> _Exercise details_:
From the records below, transcribe only the lines running from the one with "Section Induction." through the one with "- rewrite comp_assoc, rf', <- !comp_assoc, rf.". Keep both of those end lines.

[Records contained in a dataset]
(* Let $(\mathcal C,\otimes,\mathbb I)$ be a monoidal category with pushouts and $(H,\Delta,\varepsilon)$ a coalgebra in $\mathcal C$. The induction construction defines a functor $\mathsf{Ind}:\mathsf{Cov}^H\to\mathsf{PCom}^H$: on objects, $\mathsf{Ind}(Y,X,p)$ is the partial comodule induced from $Y$ to $X$ via $p$; on morphisms, for $(F,f):(Y,X,p)\to(Y',X',p')$ in $\mathsf{Cov}^H$ there is a unique morphism $f\bullet H:X\bullet H\to X'\bullet H$ with $(f\bullet H)\circ\rho_X=\rho_{X'}\circ f$ and $(f\bullet H)\circ\pi_X=\pi_{X'}\circ(f\otimes H)$, and $\mathsf{Ind}(F,f)=(f,f\bullet H)$ is a morphism of geometric partial comodules.
   Context: $\mathcal C$ is treated as strict monoidal; the identity of an object $X$ is also written $X$. $\mathsf{Com}^H$ is the category of right $H$-comodules $(Y,\delta)$. A partial comodule datum is $(X,X\bullet H,\pi_X,\rho_X)$ with $\rho_X:X\to X\bullet H$ and $\pi_X:X\otimes H\to X\bullet H$ an epimorphism. For such a datum let: $(X\bullet H)\bullet H$ be the pushout of $\pi_X$ and $\rho_X\otimes H$, with coprojections $\rho_X\bullet H$ and $\pi_{X\bullet H}$; $X\bullet(H\otimes H)$ the pushout of $\pi_X$ and $X\otimes\Delta$, with coprojections $X\bullet\Delta$ and $\pi_{X,\Delta}$; $X\bullet(H\bullet H)$ the pushout of $\pi_{X,\Delta}$ and $\pi_X\otimes H$, with coprojections $\pi'_X$ and $\pi'_{X,\Delta}$. A geometric partial $H$-comodule is a datum such that (GP1) there is $X\bullet\varepsilon:X\bullet H\to X$ with $(X\bullet\varepsilon)\circ\rho_X=\mathrm{id}_X$ and $(X\bullet\varepsilon)\circ\pi_X=X\otimes\varepsilon$; (GP2) there is an isomorphism $\theta:X\bullet(H\bullet H)\to(X\bullet H)\bullet H$ with $\theta\circ\pi'_{X,\Delta}=\pi_{X\bullet H}$ and $(\rho_X\bullet H)\circ\rho_X=\theta\circ\pi'_X\circ(X\bullet\Delta)\circ\rho_X$. Morphisms $X\to X'$ are pairs $(f,f\bullet H)$ with $\rho_{X'}\circ f=(f\bullet H)\circ\rho_X$ and $\pi_{X'}\circ(f\otimes H)=(f\bullet H)\circ\pi_X$; category $\mathsf{PCom}^H$. Induction: given $(Y,\delta)\in\mathsf{Com}^H$ and an epimorphism $p:Y\to X$ in $\mathcal C$, let $X\bullet H$ with coprojections $\rho_X:X\to X\bullet H$ and $\pi_X:X\otimes H\to X\bullet H$ be the pushout of $p$ and $(p\otimes H)\circ\delta$; it is known that $(X,X\bullet H,\pi_X,\rho_X)$ is a geometric partial comodule (the induced one). $\mathsf{Cov}^H$ has objects $(Y,X,p)$ with $Y\in\mathsf{Com}^H$, $X\in\mathcal C$, $p:Y\to X$ an epimorphism in $\mathcal C$; morphisms $(F,f):(Y,X,p)\to(Y',X',p')$ consist of a comodule morphism $F:Y\to Y'$ and a morphism $f:X\to X'$ in $\mathcal C$ with $p'\circ F=f\circ p$. *)

Set Implicit Arguments.
Unset Strict Implicit.

Record MonCat := {
  Ob : Type;
  Hom : Ob -> Ob -> Type;
  idm : forall X, Hom X X;
  comp : forall X Y Z, Hom Y Z -> Hom X Y -> Hom X Z;
  comp_assoc : forall X Y Z W (h : Hom Z W) (g : Hom Y Z) (f : Hom X Y),
      comp h (comp g f) = comp (comp h g) f;
  comp_id_l : forall X Y (f : Hom X Y), comp (idm Y) f = f;
  comp_id_r : forall X Y (f : Hom X Y), comp f (idm X) = f;
  tens : Ob -> Ob -> Ob;
  unitO : Ob;
  tensm : forall X X' Y Y', Hom X X' -> Hom Y Y' -> Hom (tens X Y) (tens X' Y');
  tensm_id : forall X Y, tensm (idm X) (idm Y) = idm (tens X Y);
  tensm_comp : forall X X' X'' Y Y' Y'' (f : Hom X X') (f' : Hom X' X'')
      (g : Hom Y Y') (g' : Hom Y' Y''),
      tensm (comp f' f) (comp g' g) = comp (tensm f' g') (tensm f g);
  assoc : forall X Y Z, Hom (tens (tens X Y) Z) (tens X (tens Y Z));
  assoc_inv : forall X Y Z, Hom (tens X (tens Y Z)) (tens (tens X Y) Z);
  assoc_iso1 : forall X Y Z, comp (assoc_inv X Y Z) (assoc X Y Z) = idm _;
  assoc_iso2 : forall X Y Z, comp (assoc X Y Z) (assoc_inv X Y Z) = idm _;
  assoc_nat : forall X X' Y Y' Z Z' (f : Hom X X') (g : Hom Y Y') (h : Hom Z Z'),
      comp (assoc X' Y' Z') (tensm (tensm f g) h)
      = comp (tensm f (tensm g h)) (assoc X Y Z);
  lun : forall X, Hom (tens unitO X) X;
  lun_inv : forall X, Hom X (tens unitO X);
  lun_iso1 : forall X, comp (lun_inv X) (lun X) = idm _;
  lun_iso2 : forall X, comp (lun X) (lun_inv X) = idm _;
  lun_nat : forall X X' (f : Hom X X'),
      comp (lun X') (tensm (idm unitO) f) = comp f (lun X);
  run : forall X, Hom (tens X unitO) X;
  run_inv : forall X, Hom X (tens X unitO);
  run_iso1 : forall X, comp (run_inv X) (run X) = idm _;
  run_iso2 : forall X, comp (run X) (run_inv X) = idm _;
  run_nat : forall X X' (f : Hom X X'),
      comp (run X') (tensm f (idm unitO)) = comp f (run X);
  pentagon : forall W X Y Z,
      comp (assoc W X (tens Y Z)) (assoc (tens W X) Y Z)
      = comp (tensm (idm W) (assoc X Y Z))
          (comp (assoc W (tens X Y) Z) (tensm (assoc W X Y) (idm Z)));
  triangle : forall X Y,
      comp (tensm (idm X) (lun Y)) (assoc X unitO Y) = tensm (run X) (idm Y)
}.

Arguments Hom {C} _ _ : rename.
Arguments idm {C} X : rename.
Arguments comp {C X Y Z} _ _ : rename.
Arguments tens {C} _ _ : rename.
Arguments tensm {C X X' Y Y'} _ _ : rename.
Arguments assoc {C} X Y Z : rename.
Arguments run {C} X : rename.
Arguments lun {C} X : rename.
Arguments unitO {C} : rename.

Record Pushouts (C : MonCat) := {
  po_obj : forall A B D, Hom A B -> Hom A D -> Ob C;
  po_inl : forall A B D (f : Hom A B) (g : Hom A D), Hom B (po_obj f g);
  po_inr : forall A B D (f : Hom A B) (g : Hom A D), Hom D (po_obj f g);
  po_comm : forall A B D (f : Hom A B) (g : Hom A D),
      comp (po_inl f g) f = comp (po_inr f g) g;
  po_desc : forall A B D (f : Hom A B) (g : Hom A D) Q,
      Hom B Q -> Hom D Q -> Hom (po_obj f g) Q;
  po_desc_l : forall A B D (f : Hom A B) (g : Hom A D) Q
      (u : Hom B Q) (v : Hom D Q),
      comp u f = comp v g -> comp (po_desc f g u v) (po_inl f g) = u;
  po_desc_r : forall A B D (f : Hom A B) (g : Hom A D) Q
      (u : Hom B Q) (v : Hom D Q),
      comp u f = comp v g -> comp (po_desc f g u v) (po_inr f g) = v;
  po_uniq : forall A B D (f : Hom A B) (g : Hom A D) Q
      (h h' : Hom (po_obj f g) Q),
      comp h (po_inl f g) = comp h' (po_inl f g) ->
      comp h (po_inr f g) = comp h' (po_inr f g) -> h = h'
}.

Arguments po_obj {C} P {A B D} f g : rename.
Arguments po_inl {C} P {A B D} f g : rename.
Arguments po_inr {C} P {A B D} f g : rename.
Arguments po_desc {C} P {A B D} f g {Q} u v : rename.

Definition is_epi (C : MonCat) (X Y : Ob C) (p : Hom X Y) : Prop :=
  forall Z (u v : Hom Y Z), comp u p = comp v p -> u = v.

Record Coalgebra (C : MonCat) := {
  coH : Ob C;
  coDelta : Hom coH (tens coH coH);
  coEps : Hom coH unitO;
  co_coassoc : comp (assoc coH coH coH) (comp (tensm coDelta (idm coH)) coDelta)
               = comp (tensm (idm coH) coDelta) coDelta;
  co_counit_l : comp (lun coH) (comp (tensm coEps (idm coH)) coDelta) = idm coH;
  co_counit_r : comp (run coH) (comp (tensm (idm coH) coEps) coDelta) = idm coH
}.

Arguments coH {C} h : rename.
Arguments coDelta {C} h : rename.
Arguments coEps {C} h : rename.

Section Comod.
Variables (C : MonCat) (P : Pushouts C) (H : Coalgebra C).

Definition is_comodule (Y : Ob C) (delta : Hom Y (tens Y (coH H))) : Prop :=
  comp (assoc Y (coH H) (coH H)) (comp (tensm delta (idm (coH H))) delta)
    = comp (tensm (idm Y) (coDelta H)) delta
  /\ comp (run Y) (comp (tensm (idm Y) (coEps H)) delta) = idm Y.

Definition is_comodule_hom (Y Y' : Ob C) (delta : Hom Y (tens Y (coH H)))
  (delta' : Hom Y' (tens Y' (coH H))) (F : Hom Y Y') : Prop :=
  comp delta' F = comp (tensm F (idm (coH H))) delta.

Record CovObj := {
  cov_Y : Ob C;
  cov_delta : Hom cov_Y (tens cov_Y (coH H));
  cov_comod : is_comodule cov_delta;
  cov_X : Ob C;
  cov_p : Hom cov_Y cov_X;
  cov_p_epi : is_epi cov_p
}.

Definition is_cov_hom (c c' : CovObj) (F : Hom (cov_Y c) (cov_Y c'))
  (f : Hom (cov_X c) (cov_X c')) : Prop :=
  is_comodule_hom (cov_delta c) (cov_delta c') F
  /\ comp (cov_p c') F = comp f (cov_p c).

Definition ind_XH (c : CovObj) : Ob C :=
  po_obj P (cov_p c) (comp (tensm (cov_p c) (idm (coH H))) (cov_delta c)).
Definition ind_rho (c : CovObj) : Hom (cov_X c) (ind_XH c) :=
  po_inl P (cov_p c) (comp (tensm (cov_p c) (idm (coH H))) (cov_delta c)).
Definition ind_pi (c : CovObj) : Hom (tens (cov_X c) (coH H)) (ind_XH c) :=
  po_inr P (cov_p c) (comp (tensm (cov_p c) (idm (coH H))) (cov_delta c)).

Definition is_pcom_hom (X X' XH XH' : Ob C)
  (rho : Hom X XH) (pi : Hom (tens X (coH H)) XH)
  (rho' : Hom X' XH') (pi' : Hom (tens X' (coH H)) XH')
  (f : Hom X X') (fH : Hom XH XH') : Prop :=
  comp rho' f = comp fH rho /\ comp pi' (tensm f (idm (coH H))) = comp fH pi.

Definition ind_hom (c c' : CovObj) (f : Hom (cov_X c) (cov_X c')) :
  Hom (ind_XH c) (ind_XH c') :=
  po_desc P (cov_p c) (comp (tensm (cov_p c) (idm (coH H))) (cov_delta c))
    (comp (ind_rho c') f) (comp (ind_pi c') (tensm f (idm (coH H)))).

End Comod.

Arguments is_cov_hom {C H} c c' F f.
Arguments ind_hom {C} P {H} c c' f.

(* X.H is a pushout, so a morphism out of it is determined by its composites
   with rho_X and pi_X.  Hence there is at most one f.H compatible with f, and
   the pushout's mediating morphism is one as soon as the cocone condition
   holds, which follows from p' F = f p and F being a comodule morphism.
   Functoriality then follows from uniqueness, since identities and composites
   of compatible pairs are compatible.  Finally pi_X is epi because it is the
   pushout of the epimorphism p. *)

Set Implicit Arguments.
Unset Strict Implicit.

Lemma po_inr_epi (C : MonCat) (P : Pushouts C) (A B D : Ob C)
  (f : Hom A B) (g : Hom A D) :
  is_epi f -> is_epi (po_inr P f g).
Proof.
  intros f_epi Z u v Euv.
  apply po_uniq; [|exact Euv].
  apply f_epi.
  rewrite <- !comp_assoc, (po_comm P f g), !comp_assoc, Euv.
  reflexivity.
Qed.

Section Induction.
Variables (C : MonCat) (P : Pushouts C) (H : Coalgebra C).

Lemma cov_hom_id (c : CovObj H) : is_cov_hom c c (idm _) (idm _).
Proof.
  split.
  - unfold is_comodule_hom. rewrite tensm_id, comp_id_l, comp_id_r. reflexivity.
  - rewrite comp_id_l, comp_id_r. reflexivity.
Qed.

Lemma cov_hom_comp (c c' c'' : CovObj H) F f F' f' :
  is_cov_hom c c' F f -> is_cov_hom c' c'' F' f' ->
  is_cov_hom c c'' (comp F' F) (comp f' f).
Proof.
  unfold is_cov_hom, is_comodule_hom.
  intros [dF pF] [dF' pF']; split.
  - rewrite comp_assoc, dF', <- comp_assoc, dF, comp_assoc, <- tensm_comp, comp_id_l.
    reflexivity.
  - rewrite comp_assoc, pF', <- comp_assoc, pF, comp_assoc. reflexivity.
Qed.

Lemma pcom_hom_id (X XH : Ob C) (rho : Hom X XH) (pi : Hom (tens X (coH H)) XH) :
  is_pcom_hom rho pi rho pi (idm X) (idm XH).
Proof.
  split.
  - rewrite comp_id_l, comp_id_r. reflexivity.
  - rewrite tensm_id, comp_id_l, comp_id_r. reflexivity.
Qed.

Lemma pcom_hom_comp (X X' X'' XH XH' XH'' : Ob C)
  (rho : Hom X XH) (pi : Hom (tens X (coH H)) XH)
  (rho' : Hom X' XH') (pi' : Hom (tens X' (coH H)) XH')
  (rho'' : Hom X'' XH'') (pi'' : Hom (tens X'' (coH H)) XH'')
  f fH f' fH' :
  is_pcom_hom rho pi rho' pi' f fH -> is_pcom_hom rho' pi' rho'' pi'' f' fH' ->
  is_pcom_hom rho pi rho'' pi'' (comp f' f) (comp fH' fH).
Proof.
  intros [rf pf] [rf' pf']; split.
  - rewrite comp_assoc, rf', <- !comp_assoc, rf. reflexivity.
  - rewrite <- (comp_id_l (idm (coH H))), tensm_comp, comp_assoc, pf',
      <- !comp_assoc, pf.
    reflexivity.
Qed.

Lemma ind_pi_epi (c : CovObj H) : is_epi (ind_pi P c).
Proof. apply po_inr_epi, cov_p_epi. Qed.

Lemma ind_rho_p (c : CovObj H) :
  comp (ind_rho P c) (cov_p c)
  = comp (ind_pi P c) (comp (tensm (cov_p c) (idm (coH H))) (cov_delta c)).
Proof. apply po_comm. Qed.

Lemma ind_cocone (c c' : CovObj H) F f : is_cov_hom c c' F f ->
  comp (comp (ind_rho P c') f) (cov_p c)
  = comp (comp (ind_pi P c') (tensm f (idm (coH H))))
      (comp (tensm (cov_p c) (idm (coH H))) (cov_delta c)).
Proof.
  intros [dF pF].
  rewrite <- comp_assoc, <- pF, comp_assoc, ind_rho_p, <- !comp_assoc.
  f_equal.
  unfold is_comodule_hom in dF.
  rewrite dF, !comp_assoc, <- !tensm_comp, pF, comp_id_l.
  reflexivity.
Qed.

Lemma ind_hom_pcom_hom (c c' : CovObj H) F f : is_cov_hom c c' F f ->
  is_pcom_hom (ind_rho P c) (ind_pi P c) (ind_rho P c') (ind_pi P c')
    f (ind_hom P c c' f).
Proof.
  intro cov_Ff; split; symmetry.
  - apply po_desc_l, (ind_cocone cov_Ff).
  - apply po_desc_r, (ind_cocone cov_Ff).
Qed.

Lemma ind_pcom_hom_unique (c : CovObj H) (X' XH' : Ob C)
  (rho' : Hom X' XH') (pi' : Hom (tens X' (coH H)) XH') f
  (g g' : Hom (ind_XH P c) XH') :
  is_pcom_hom (ind_rho P c) (ind_pi P c) rho' pi' f g ->
  is_pcom_hom (ind_rho P c) (ind_pi P c) rho' pi' f g' -> g = g'.
Proof.
  intros [rg pg] [rg' pg'].
  apply po_uniq.
  - change (comp g (ind_rho P c) = comp g' (ind_rho P c)). rewrite <- rg, rg'. reflexivity.
  - change (comp g (ind_pi P c) = comp g' (ind_pi P c)). rewrite <- pg, pg'. reflexivity.
Qed.

End Induction.

Theorem proposition2p8 (C : MonCat) (P : Pushouts C) (H : Coalgebra C) :
  (* Ind(Y,X,p) is a partial comodule datum: pi_X is an epimorphism *)
  (forall c : CovObj H, is_epi (ind_pi P c))
  /\
  (* for every Cov-morphism (F,f) there is a unique f.H making (f, f.H) a
     PCom-morphism, namely ind_hom f *)
  (forall (c c' : CovObj H) (F : Hom (cov_Y c) (cov_Y c'))
          (f : Hom (cov_X c) (cov_X c')),
     is_cov_hom c c' F f ->
     is_pcom_hom (ind_rho P c) (ind_pi P c) (ind_rho P c') (ind_pi P c')
       f (ind_hom P c c' f)
     /\ (forall g : Hom (ind_XH P c) (ind_XH P c'),
           is_pcom_hom (ind_rho P c) (ind_pi P c) (ind_rho P c') (ind_pi P c') f g ->
           g = ind_hom P c c' f))
  /\
  (* functoriality: identities *)
  (forall c : CovObj H, ind_hom P c c (idm (cov_X c)) = idm (ind_XH P c))
  /\
  (* functoriality: composition *)
  (forall (c c' c'' : CovObj H)
          (F : Hom (cov_Y c) (cov_Y c')) (f : Hom (cov_X c) (cov_X c'))
          (F' : Hom (cov_Y c') (cov_Y c'')) (f' : Hom (cov_X c') (cov_X c'')),
     is_cov_hom c c' F f -> is_cov_hom c' c'' F' f' ->
     ind_hom P c c'' (comp f' f) = comp (ind_hom P c' c'' f') (ind_hom P c c' f)).
Proof.
  split; [|split; [|split]].
  - intro c; apply ind_pi_epi.
  - intros c c' F f cov_Ff; split.
    + exact (ind_hom_pcom_hom P cov_Ff).
    + intros g pcom_g. exact (ind_pcom_hom_unique pcom_g (ind_hom_pcom_hom P cov_Ff)).
  - intro c.
    exact (ind_pcom_hom_unique (ind_hom_pcom_hom P (cov_hom_id c)) (pcom_hom_id _ _)).
  - intros c c' c'' F f F' f' cov_Ff cov_Ff'.
    apply (ind_pcom_hom_unique (ind_hom_pcom_hom P (cov_hom_comp cov_Ff cov_Ff'))).
    exact (pcom_hom_comp (ind_hom_pcom_hom P cov_Ff) (ind_hom_pcom_hom P cov_Ff')).
Qed.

> _The answer_:
Section Induction.
Variables (C : MonCat) (P : Pushouts C) (H : Coalgebra C).

Lemma cov_hom_id (c : CovObj H) : is_cov_hom c c (idm _) (idm _).
Proof.
  split.
  - unfold is_comodule_hom. rewrite tensm_id, comp_id_l, comp_id_r. reflexivity.
  - rewrite comp_id_l, comp_id_r. reflexivity.
Qed.

Lemma cov_hom_comp (c c' c'' : CovObj H) F f F' f' :
  is_cov_hom c c' F f -> is_cov_hom c' c'' F' f' ->
  is_cov_hom c c'' (comp F' F) (comp f' f).
Proof.
  unfold is_cov_hom, is_comodule_hom.
  intros [dF pF] [dF' pF']; split.
  - rewrite comp_assoc, dF', <- comp_assoc, dF, comp_assoc, <- tensm_comp, comp_id_l.
    reflexivity.
  - rewrite comp_assoc, pF', <- comp_assoc, pF, comp_assoc. reflexivity.
Qed.

Lemma pcom_hom_id (X XH : Ob C) (rho : Hom X XH) (pi : Hom (tens X (coH H)) XH) :
  is_pcom_hom rho pi rho pi (idm X) (idm XH).
Proof.
  split.
  - rewrite comp_id_l, comp_id_r. reflexivity.
  - rewrite tensm_id, comp_id_l, comp_id_r. reflexivity.
Qed.

Lemma pcom_hom_comp (X X' X'' XH XH' XH'' : Ob C)
  (rho : Hom X XH) (pi : Hom (tens X (coH H)) XH)
  (rho' : Hom X' XH') (pi' : Hom (tens X' (coH H)) XH')
  (rho'' : Hom X'' XH'') (pi'' : Hom (tens X'' (coH H)) XH'')
  f fH f' fH' :
  is_pcom_hom rho pi rho' pi' f fH -> is_pcom_hom rho' pi' rho'' pi'' f' fH' ->
  is_pcom_hom rho pi rho'' pi'' (comp f' f) (comp fH' fH).
Proof.
  intros [rf pf] [rf' pf']; split.
  - rewrite comp_assoc, rf', <- !comp_assoc, rf. reflexivity.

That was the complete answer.